We are trained to assist with communicating this information amongst family members in a way that is sensitive to family dynamics and individual coping styles. Our team of genetic experts collaborates with external genetics professionals so that we can connect at-risk relatives with competent, trained genetic healthcare professionals living in other areas.
Genetic testing is discussed
Since everyone is not a candidate for genetic testing, we will assess a patient’s personal and family histories to determine if genetic testing is appropriate.
Genetic testing is ordered, if appropriate
With genetic testing, the goal is to determine if a change in a gene is responsible for causing an individual to have an increased risk for a genetic or developmental condition. In order to be cost-efficient and precise, it is our job to identify the family member who is most likely to show a genetic mutation and to determine the gene or genes with the highest likelihood of showing a change. Genetic testing generally requires 1-2 tubes of blood and informed consent from the person being tested.

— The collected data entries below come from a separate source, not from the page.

(* Let $m\ge1$. For every $u$ in the even-parity sequence $\mathcal E^m$ and every $p$ in $\mathcal E^m$, the entry of $M_m$ in the row indexed by $u$ and the column indexed by $p$ is $H^{(u\oplus p)_1}\otimes\cdots\otimes H^{(u\oplus p)_m}$; and for every $u\in\mathcal E^m$ and every $p$ in the odd-parity sequence $\mathcal O^m$, the entry of $M'_m$ in the row indexed by $u$ and the column indexed by $p$ is $H^{(u\oplus p)_1}\otimes\cdots\otimes H^{(u\oplus p)_m}$. (Here $H^0=I$, $H^1=H$, and $(u\oplus p)_j$ is the $j$-th bit of the bitwise XOR of $u$ and $p$.) In other words, the matrix of local operations whose $(u,p)$ entry applies $H$ exactly at the positions where $u$ and the input $m$-tuple $p$ differ, with $u$ of even parity, coincides with $M_m$ when $p$ ranges over even-parity strings and with $M'_m$ when $p$ ranges over odd-parity strings.
   Context: The matrices $M_i$, $M'_i$ (with entries formal tensor products of length $i$ of $I$ and $H$) are defined by $M_1=I$, $M'_1=H$, $M_{i+1}=\begin{pmatrix} I\otimes M_i & H\otimes M'_i\\ H\otimes M'_i & I\otimes M_i\end{pmatrix}$, $M'_{i+1}=\begin{pmatrix} I\otimes M'_i & H\otimes M_i\\ H\otimes M_i & I\otimes M'_i\end{pmatrix}$, where $A\otimes B$ tensors $A$ on the left with every entry of $B$. $H$ is the Hadamard gate and $I$ the identity. The rows of $M_m$ and $M'_m$ and the columns of $M_m$ are indexed by the $2^{m-1}$ even-parity $m$-bit strings in the order $\mathcal E^m$, and the columns of $M'_m$ by the $2^{m-1}$ odd-parity $m$-bit strings in the order $\mathcal O^m$, where these orders are defined recursively by $\mathcal E^1=(0)$, $\mathcal O^1=(1)$, $\mathcal E^{m+1}=(0e:e\in\mathcal E^m)$ followed by $(1o:o\in\mathcal O^m)$, and $\mathcal O^{m+1}=(0o:o\in\mathcal O^m)$ followed by $(1e:e\in\mathcal E^m)$ (e.g. $\mathcal E^3=(000,011,101,110)$). *)

From mathcomp Require Import all_boot.
Set Implicit Arguments. Unset Strict Implicit. Unset Printing Implicit Defensive.

(* Bit strings: false = 0, true = 1.
   A formal tensor product of I's and H's of length i is a word : seq bool,
   false = I, true = H, head = leftmost tensor factor.
   A matrix of such words is a list of rows, each a list of entries. *)
Definition word := seq bool.
Definition mat := seq (seq word).

Definition tensl (b : bool) (A : mat) : mat := map (map (cons b)) A.

Definition block (A B C D : mat) : mat :=
  [seq r.1 ++ r.2 | r <- zip A B] ++ [seq r.1 ++ r.2 | r <- zip C D].

(* MMp n = (M_{n+1}, M'_{n+1}) *)
Fixpoint MMp (n : nat) : mat * mat :=
  match n with
  | 0 => ([:: [:: [:: false]]], [:: [:: [:: true]]])
  | n'.+1 =>
      let: (M, M') := MMp n' in
      (block (tensl false M) (tensl true M') (tensl true M') (tensl false M),
       block (tensl false M') (tensl true M) (tensl true M) (tensl false M'))
  end.

Definition Mmat (m : nat) : mat := (MMp m.-1).1.
Definition Mpmat (m : nat) : mat := (MMp m.-1).2.

(* EO n = (E^{n+1}, O^{n+1}) *)
Fixpoint EO (n : nat) : seq word * seq word :=
  match n with
  | 0 => ([:: [:: false]], [:: [:: true]])
  | n'.+1 =>
      let: (Es, Os) := EO n' in
      ([seq false :: e | e <- Es] ++ [seq true :: o | o <- Os],
       [seq false :: o | o <- Os] ++ [seq true :: e | e <- Es])
  end.

Definition Eord (m : nat) : seq word := (EO m.-1).1.
Definition Oord (m : nat) : seq word := (EO m.-1).2.

Definition entry (A : mat) (i j : nat) : word := nth [::] (nth [::] A i) j.

(* bitwise XOR; as a word it is H^{(u+p)_1} (x) ... (x) H^{(u+p)_m} *)
Definition xorw (u p : word) : word := [seq x.1 (+) x.2 | x <- zip u p].

From mathcomp Require Import all_boot.

(* M_m and M'_m are the tables of (u, p) |-> u (+) p with rows indexed by
   E^m and columns by E^m, resp. O^m.  Prefixing a bit a to every row string
   and a bit b to every column string of such a table prefixes a (+) b to every
   entry, and concatenating row and column sequences assembles tables into
   block matrices, so the recursions for M, M' and for E, O match.  Since the
   lower blocks of the recursion have rows indexed by O^m, the induction has
   to carry the dual description as well: M_m is also the table over
   O^m x O^m, and M'_m the table over O^m x E^m. *)

Definition table {S T : Type} (f : S -> T -> word) (X : seq S) (Y : seq T) : mat :=
  [seq [seq f x y | y <- Y] | x <- X].

Lemma block_table (S T : Type) (f : S -> T -> word) X1 X2 Y1 Y2 :
  block (table f X1 Y1) (table f X1 Y2) (table f X2 Y1) (table f X2 Y2) =
  table f (X1 ++ X2) (Y1 ++ Y2).
Proof.
have zip_rows X : [seq r.1 ++ r.2 | r <- zip (table f X Y1) (table f X Y2)] =
                  [seq [seq f x y | y <- Y1 ++ Y2] | x <- X].
  by elim: X => //= x X ->; rewrite map_cat.
by rewrite /block !zip_rows /table map_cat.
Qed.

Lemma tensl_table a b (X Y : seq word) :
  tensl (a (+) b) (table xorw X Y) = table xorw (map (cons a) X) (map (cons b) Y).
Proof. by rewrite /tensl /table -!map_comp; apply: eq_map => x /=; rewrite -!map_comp. Qed.

Lemma entry_table_index (S T : eqType) (f : S -> T -> word) X Y x y :
  x \in X -> y \in Y -> entry (table f X Y) (index x X) (index y Y) = f x y.
Proof.
move=> Xx Yy.
by rewrite /entry (nth_map x) ?index_mem // (nth_map y) ?index_mem // !nth_index.
Qed.

Lemma MMp_step n (X Y : seq word) :
    MMp n = (table xorw X X, table xorw X Y) ->
    MMp n = (table xorw Y Y, table xorw Y X) ->
  let X' := map (cons false) X ++ map (cons true) Y in
  let Y' := map (cons false) Y ++ map (cons true) X in
  MMp n.+1 = (table xorw X' X', table xorw X' Y').
Proof.
move=> eX eY; have [eXY eYX] : table xorw Y Y = table xorw X X /\
                                 table xorw Y X = table xorw X Y.
  by move: eY; rewrite eX => -[-> ->].
by rewrite /= eX -!block_table -!tensl_table eXY eYX.
Qed.

Lemma MMp_tables n :
  MMp n = (table xorw (EO n).1 (EO n).1, table xorw (EO n).1 (EO n).2) /\
  MMp n = (table xorw (EO n).2 (EO n).2, table xorw (EO n).2 (EO n).1).
Proof.
elim: n => [|n [eE eO]] //; rewrite [EO _]/=.
by case: (EO n) eE eO => E O /= eE eO; split; apply: MMp_step.
Qed.

Theorem lemma1 (m : nat) : 1 <= m ->
  (forall u p, u \in Eord m -> p \in Eord m ->
     entry (Mmat m) (index u (Eord m)) (index p (Eord m)) = xorw u p) /\
  (forall u p, u \in Eord m -> p \in Oord m ->
     entry (Mpmat m) (index u (Eord m)) (index p (Oord m)) = xorw u p).
Proof.
case: m => // n _; rewrite /Mmat /Mpmat /=; have [-> _] := MMp_tables n.
by split=> u p; apply: entry_table_index.
Qed.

A follow-up appointment may be made during which patients can discuss the results with a genetics expert. The appointment may take more or less than an hour. The next steps, which may include additional testing, testing for other family members, or medical management issues, are discussed at that time. Testing can be offered to other members of the family to help clarify individual risks.
Negative test results are interpreted on a case-by-case basis. In some situations, they may be interpreted based on population risk factors, but in other additional recommendations are made due to personal and family history factors. If a test result comes back negative for a genetic mutation, we will formulate an individualized medical management plan based on personal and family history. Whatever the case, we communicate information to the primary care provider and work with them to medically manage the patient.
When a test result shows the presence of a genetic mutation, we assist the patient in creating a medical management plan and relay the information to their referring health care provider. We also provide ongoing care for patients with genetic conditions, coordinate multidisciplinary medical appointments for patients, and help patients access resources related to their condition.
We can also provide trustworthy health information to take home and connect patients with relevant support groups. When a diagnosis cannot be made the chance for inheriting or passing on a condition to children may not be known. We also take this time to address patient and family concerns and answer questions from the family. If a research opportunity is available, we will discuss the risks, benefits and limitations of research study participation.
Since new discoveries in the field of genetics are constantly evolving, we may learn about new genes, diagnostic tests and treatments that could be helpful to you or your child. For this reason, we may recommend that you come back to see us in the future.